(Collected data)
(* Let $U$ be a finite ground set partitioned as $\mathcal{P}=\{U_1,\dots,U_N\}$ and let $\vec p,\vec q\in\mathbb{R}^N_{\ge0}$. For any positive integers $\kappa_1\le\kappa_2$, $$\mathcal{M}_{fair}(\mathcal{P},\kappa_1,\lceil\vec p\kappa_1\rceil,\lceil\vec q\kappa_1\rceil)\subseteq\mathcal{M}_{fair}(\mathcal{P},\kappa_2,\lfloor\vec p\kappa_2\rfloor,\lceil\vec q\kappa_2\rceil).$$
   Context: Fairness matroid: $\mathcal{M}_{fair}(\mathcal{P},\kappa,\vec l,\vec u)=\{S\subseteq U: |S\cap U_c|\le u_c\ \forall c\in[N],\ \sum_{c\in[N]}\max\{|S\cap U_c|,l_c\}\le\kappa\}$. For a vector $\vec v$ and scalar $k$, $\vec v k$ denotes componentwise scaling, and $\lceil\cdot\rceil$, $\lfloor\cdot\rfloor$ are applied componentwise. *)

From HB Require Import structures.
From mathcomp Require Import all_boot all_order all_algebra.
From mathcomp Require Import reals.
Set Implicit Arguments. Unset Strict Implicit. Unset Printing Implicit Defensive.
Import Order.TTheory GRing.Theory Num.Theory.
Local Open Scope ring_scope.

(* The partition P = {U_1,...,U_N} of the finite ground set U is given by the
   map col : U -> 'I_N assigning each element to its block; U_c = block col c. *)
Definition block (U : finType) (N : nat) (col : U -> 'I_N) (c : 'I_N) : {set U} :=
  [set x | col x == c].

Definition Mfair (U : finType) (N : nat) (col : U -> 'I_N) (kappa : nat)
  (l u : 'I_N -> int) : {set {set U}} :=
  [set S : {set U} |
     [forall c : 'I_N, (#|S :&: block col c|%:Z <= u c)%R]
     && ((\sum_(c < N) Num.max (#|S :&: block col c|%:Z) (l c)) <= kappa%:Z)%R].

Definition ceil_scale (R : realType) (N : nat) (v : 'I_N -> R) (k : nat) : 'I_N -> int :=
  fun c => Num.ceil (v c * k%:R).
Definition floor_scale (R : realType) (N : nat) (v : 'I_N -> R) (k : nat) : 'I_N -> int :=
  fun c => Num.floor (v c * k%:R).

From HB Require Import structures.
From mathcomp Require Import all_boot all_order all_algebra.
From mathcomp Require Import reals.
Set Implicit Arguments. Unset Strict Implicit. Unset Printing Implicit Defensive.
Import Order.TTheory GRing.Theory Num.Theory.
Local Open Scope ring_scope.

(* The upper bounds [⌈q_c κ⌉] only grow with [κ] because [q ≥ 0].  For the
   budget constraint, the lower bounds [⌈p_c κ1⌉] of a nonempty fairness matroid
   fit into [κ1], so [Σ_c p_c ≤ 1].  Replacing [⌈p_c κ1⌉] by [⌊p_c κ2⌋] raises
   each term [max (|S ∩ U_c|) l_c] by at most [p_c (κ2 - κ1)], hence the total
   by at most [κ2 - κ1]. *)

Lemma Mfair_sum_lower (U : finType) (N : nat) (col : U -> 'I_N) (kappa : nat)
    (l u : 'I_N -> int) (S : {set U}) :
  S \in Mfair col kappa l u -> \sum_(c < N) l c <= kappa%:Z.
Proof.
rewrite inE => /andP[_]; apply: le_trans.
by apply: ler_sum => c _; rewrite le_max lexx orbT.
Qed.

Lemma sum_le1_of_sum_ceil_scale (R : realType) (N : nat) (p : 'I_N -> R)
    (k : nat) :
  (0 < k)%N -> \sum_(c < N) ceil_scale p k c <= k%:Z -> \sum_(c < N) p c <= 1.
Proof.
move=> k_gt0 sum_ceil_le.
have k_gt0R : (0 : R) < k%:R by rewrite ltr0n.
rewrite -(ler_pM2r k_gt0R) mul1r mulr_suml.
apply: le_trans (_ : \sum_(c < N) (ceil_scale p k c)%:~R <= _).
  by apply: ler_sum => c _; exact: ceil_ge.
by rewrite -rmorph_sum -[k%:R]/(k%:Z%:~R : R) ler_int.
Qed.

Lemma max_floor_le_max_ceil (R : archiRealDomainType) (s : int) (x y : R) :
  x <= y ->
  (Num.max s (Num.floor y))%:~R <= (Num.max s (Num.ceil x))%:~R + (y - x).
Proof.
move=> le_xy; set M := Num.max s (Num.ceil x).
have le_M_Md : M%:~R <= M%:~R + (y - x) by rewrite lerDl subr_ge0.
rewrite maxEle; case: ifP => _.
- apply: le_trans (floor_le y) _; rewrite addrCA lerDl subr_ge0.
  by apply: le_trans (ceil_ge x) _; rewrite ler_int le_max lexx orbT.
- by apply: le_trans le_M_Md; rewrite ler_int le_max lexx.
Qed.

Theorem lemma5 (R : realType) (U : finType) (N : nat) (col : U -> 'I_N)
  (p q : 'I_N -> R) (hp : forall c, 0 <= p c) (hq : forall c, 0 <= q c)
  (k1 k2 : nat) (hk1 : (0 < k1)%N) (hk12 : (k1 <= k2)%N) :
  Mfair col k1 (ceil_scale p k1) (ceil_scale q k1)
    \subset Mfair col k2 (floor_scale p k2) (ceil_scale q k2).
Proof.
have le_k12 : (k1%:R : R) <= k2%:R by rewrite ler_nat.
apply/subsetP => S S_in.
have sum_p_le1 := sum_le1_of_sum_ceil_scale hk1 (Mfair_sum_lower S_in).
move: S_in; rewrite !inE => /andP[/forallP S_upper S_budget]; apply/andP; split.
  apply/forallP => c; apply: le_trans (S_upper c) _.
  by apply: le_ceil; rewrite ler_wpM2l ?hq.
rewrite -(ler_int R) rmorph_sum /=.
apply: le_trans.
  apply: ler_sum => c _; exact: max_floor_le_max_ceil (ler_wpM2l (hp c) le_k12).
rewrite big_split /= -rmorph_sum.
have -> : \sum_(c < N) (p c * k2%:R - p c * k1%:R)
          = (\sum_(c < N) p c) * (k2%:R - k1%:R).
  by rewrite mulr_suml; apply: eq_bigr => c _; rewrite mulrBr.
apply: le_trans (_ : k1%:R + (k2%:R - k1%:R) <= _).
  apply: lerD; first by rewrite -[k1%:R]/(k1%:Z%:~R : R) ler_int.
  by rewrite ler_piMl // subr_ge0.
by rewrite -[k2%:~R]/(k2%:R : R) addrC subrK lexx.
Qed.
...
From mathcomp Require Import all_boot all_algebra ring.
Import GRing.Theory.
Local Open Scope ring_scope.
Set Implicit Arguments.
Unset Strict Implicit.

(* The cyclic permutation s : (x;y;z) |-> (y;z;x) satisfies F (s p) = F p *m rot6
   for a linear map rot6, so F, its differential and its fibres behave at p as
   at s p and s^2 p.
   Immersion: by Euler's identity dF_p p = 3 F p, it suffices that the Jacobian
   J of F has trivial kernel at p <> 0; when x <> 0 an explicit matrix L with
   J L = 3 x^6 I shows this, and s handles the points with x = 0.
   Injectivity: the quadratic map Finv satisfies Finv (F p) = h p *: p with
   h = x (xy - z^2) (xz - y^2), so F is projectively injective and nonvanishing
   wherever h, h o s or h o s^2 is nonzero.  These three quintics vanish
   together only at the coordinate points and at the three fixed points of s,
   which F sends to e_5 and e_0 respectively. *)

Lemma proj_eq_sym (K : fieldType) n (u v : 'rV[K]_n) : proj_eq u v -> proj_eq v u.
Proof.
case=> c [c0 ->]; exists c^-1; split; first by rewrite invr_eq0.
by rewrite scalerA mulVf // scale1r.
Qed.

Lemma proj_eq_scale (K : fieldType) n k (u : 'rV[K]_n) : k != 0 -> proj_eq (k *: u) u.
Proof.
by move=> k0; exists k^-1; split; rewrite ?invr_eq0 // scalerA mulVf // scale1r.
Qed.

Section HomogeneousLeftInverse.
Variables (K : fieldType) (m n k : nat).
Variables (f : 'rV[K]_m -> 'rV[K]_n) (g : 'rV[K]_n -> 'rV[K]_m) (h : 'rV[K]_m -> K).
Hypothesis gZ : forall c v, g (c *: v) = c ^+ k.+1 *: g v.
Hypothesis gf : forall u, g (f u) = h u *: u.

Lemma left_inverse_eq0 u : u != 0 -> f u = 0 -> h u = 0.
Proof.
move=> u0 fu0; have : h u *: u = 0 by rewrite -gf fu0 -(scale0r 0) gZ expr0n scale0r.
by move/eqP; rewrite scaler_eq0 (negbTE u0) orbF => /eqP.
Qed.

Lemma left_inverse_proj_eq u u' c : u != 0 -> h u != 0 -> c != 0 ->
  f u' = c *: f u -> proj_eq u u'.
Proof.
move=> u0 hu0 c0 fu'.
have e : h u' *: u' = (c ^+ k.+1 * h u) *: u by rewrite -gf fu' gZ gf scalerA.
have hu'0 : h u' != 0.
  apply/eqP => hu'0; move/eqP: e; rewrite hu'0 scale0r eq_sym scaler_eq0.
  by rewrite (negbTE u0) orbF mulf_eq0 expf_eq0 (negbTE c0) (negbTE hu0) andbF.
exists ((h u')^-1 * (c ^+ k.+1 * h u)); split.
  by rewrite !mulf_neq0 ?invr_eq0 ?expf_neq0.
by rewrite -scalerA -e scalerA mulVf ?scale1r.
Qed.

WHAT YOU ARE ASKED TO DO
Pick each line holding "lfloor" out of the entries above and return it.

YOUR SOLUTION
(* Let $U$ be a finite ground set partitioned as $\mathcal{P}=\{U_1,\dots,U_N\}$ and let $\vec p,\vec q\in\mathbb{R}^N_{\ge0}$. For any positive integers $\kappa_1\le\kappa_2$, $$\mathcal{M}_{fair}(\mathcal{P},\kappa_1,\lceil\vec p\kappa_1\rceil,\lceil\vec q\kappa_1\rceil)\subseteq\mathcal{M}_{fair}(\mathcal{P},\kappa_2,\lfloor\vec p\kappa_2\rfloor,\lceil\vec q\kappa_2\rceil).$$
   Context: Fairness matroid: $\mathcal{M}_{fair}(\mathcal{P},\kappa,\vec l,\vec u)=\{S\subseteq U: |S\cap U_c|\le u_c\ \forall c\in[N],\ \sum_{c\in[N]}\max\{|S\cap U_c|,l_c\}\le\kappa\}$. For a vector $\vec v$ and scalar $k$, $\vec v k$ denotes componentwise scaling, and $\lceil\cdot\rceil$, $\lfloor\cdot\rfloor$ are applied componentwise. *)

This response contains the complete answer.